SYNC: Episode Seven (2012)

I’m not particularly a fan of this episode. It seems all too stilted, underdeveloped, and somewhat not in “sync” (yeah sorry about that) with the other episodes. The singularity has spread – we get that – and the rogue virus agent Charlie shells are roaming, assumably terrorising or controlling the mainland while people scavenge for safety. But something is off putting, making the episode distant from the others, and appearing like a “filler” while the story is being finished.

The first quarter of the episode we are with Charlie (played by Tanner Thomason) and Yoshi (played by Krista Marie Yu) who are building trust with each other over why they should stick together, and Yoshi not leave or return to her original kidnappers. Yet the acting doesn’t cut it – yeah I’m going to be blunt. It seems forced, and unrehearsed. I know neither of these are true, but from watching both frontend and backend footage of the series, it looks like the line between character and actor is the same.

“What do you mean the line is the same“, I can hear you ask. Well there are numerous ways that an actor prepares themselves for a role, depending on the methodology they are taught, or learnt, but ultimately believe works. However the main objective is to have a character that is similar to the actor (not the same) who can feel undoubtably what the character feels. This is an emotion formed by the actor to fall in and out of. Notice there is a distinction between real life and acting – and that’s where I find this dialogue to fall.
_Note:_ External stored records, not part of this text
Lemma perturbed_minimizer_le (R : realFieldType) (t x y xh yh C : R) :
  0 <= t <= 1 / 2 -> 0 <= y <= C ->
  `|x - xh| <= t * x -> `|y - yh| <= t * y -> xh <= yh -> x <= y + 4 * t * C.
Proof.
move=> /andP[t_ge0 t_le] /andP[y_ge0 y_le].
rewrite !ler_norml => /andP[_ hx] /andP[hy _] le_h.
have le_x : (1 - t) * x <= (1 + t) * y by lra.
have tC_ge0 : 0 <= t * C by rewrite mulr_ge0 // (le_trans y_ge0).
rewrite -(ler_pM2l (_ : 0 < 1 - t)); last by lra.
apply: le_trans le_x _; nra.
Qed.

Theorem theoremE3 (R : realType) (k m : nat) (hk : (0 < k)%N)
  (II : {set {set 'I_k}}) (c : {set 'I_k} -> 'cV[R]_m) (B : 'cV[R]_m)
  (Sigma Sigmah : 'M[R]_k) (gamma delta : R)
  (ns nh : {set 'I_k} -> nat)
  (ls lh : forall I : {set 'I_k}, 'cV[R]_#|I|)
  (I0 : {set 'I_k}) (n0 : nat) :
  let e1 : 'I_k := Ordinal hk in
  let a : 'cV[R]_k := delta_mx e1 0 in
  (forall I, I \in II -> (0 < #|I|)%N) ->
  (forall I r, I \in II -> 0 <= c I r 0) ->
  (forall r, 0 <= B r 0) ->
  sym_mx Sigma -> posdef_mx Sigma -> min_eigenvalue Sigma gamma ->
  sym_mx Sigmah ->
  delta = opnorm (Sigma - Sigmah) -> delta <= gamma / 2 ->
  is_minimizer II c B a Sigma ns ls ->
  is_minimizer II c B a Sigmah nh lh ->
  I0 \in II -> e1 \in I0 -> (1 <= n0)%N ->
  vle (n0%:R *: c I0) B ->
  (forall n : nat, vle (n%:R *: c I0) B -> (n <= n0)%N) ->
  risk II Sigma nh lh
    <= risk II Sigma ns ls + (4 * delta / gamma) * (Sigma e1 e1 / n0%:R).
Proof.
move=> e1 a _ _ _ symS pdS [eig_g min_g] _ delta_def delta_le [feas_s unb_s opt_s]
  [_ _ opt_h] I0_in e1_I0 n0_gt0 feas_0 _.
have g_gt0 : 0 < gamma := posdef_eigenvalue_gt0 pdS eig_g.
have lbS : rayleigh_lb Sigma gamma := eigenvalue_rayleigh_lb symS min_g.
have dS x : `|form (Sigma - Sigmah) x x| <= delta * vnorm2 x.
  by rewrite delta_def form_norm_le_opnorm.
have d_ge0 : 0 <= delta.
  have a1 : vnorm2 a = 1 by rewrite vnorm2_form form_delta mxE eqxx.
  have := dS a; rewrite a1 mulr1.
  exact: le_trans (normr_ge0 _).
have psdS x : 0 <= form Sigma x x.
  by apply: le_trans (lbS x); rewrite mulr_ge0 ?vnorm2_ge0 ?ltW.
have le_classical : risk II Sigma ns ls <= Sigma e1 e1 / n0%:R.
  rewrite -(risk_single_pool I0_in n0_gt0 Sigma e1_I0).
  by apply: opt_s; [exact: feasible_single_pool | exact: unbiased_single_pool].
rewrite -(mulrA 4); apply: (perturbed_minimizer_le (xh := risk II Sigmah nh lh)
  (yh := risk II Sigmah ns ls)); rewrite ?risk_ge0 ?le_classical ?opt_h //.
- by rewrite divr_ge0 ?(ltW g_gt0) //= ler_pdivrMr // mulrC mul1r.
- exact: risk_perturbation.
- exact: risk_perturbation.
Qed.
Charlie and Yoshi aren’t portraying their character as we know them. We have to assume from previous episodes that we are still within the 48 hour block Charlie said he would find Yoshi. In that time she was screaming, kidnapped, and seen more dead people than a normal sixteen year old would have seen. Somehow they are fine with this. Somewhere in the mainland Yoshi’s parent, and her bullies are probably questioning what is going on – especially if an American has entered it throws revives a cocktail of past views to mind. Surely the authorities would be looking for Charlie, even if the “thugs” were to go to the authority and say he had kidnapped a girl I’m lead to believe their motorcycle wouldn’t hold up all too well.

But returning to the acting, and delivery, the characters seem to just read and not feel. It becomes frustrating to watch when you know how they should be feeling, but they aren’t showing. It just feels like a high school video, made for assessment, where the actors are your friends with no experience. It’s just inconsistent.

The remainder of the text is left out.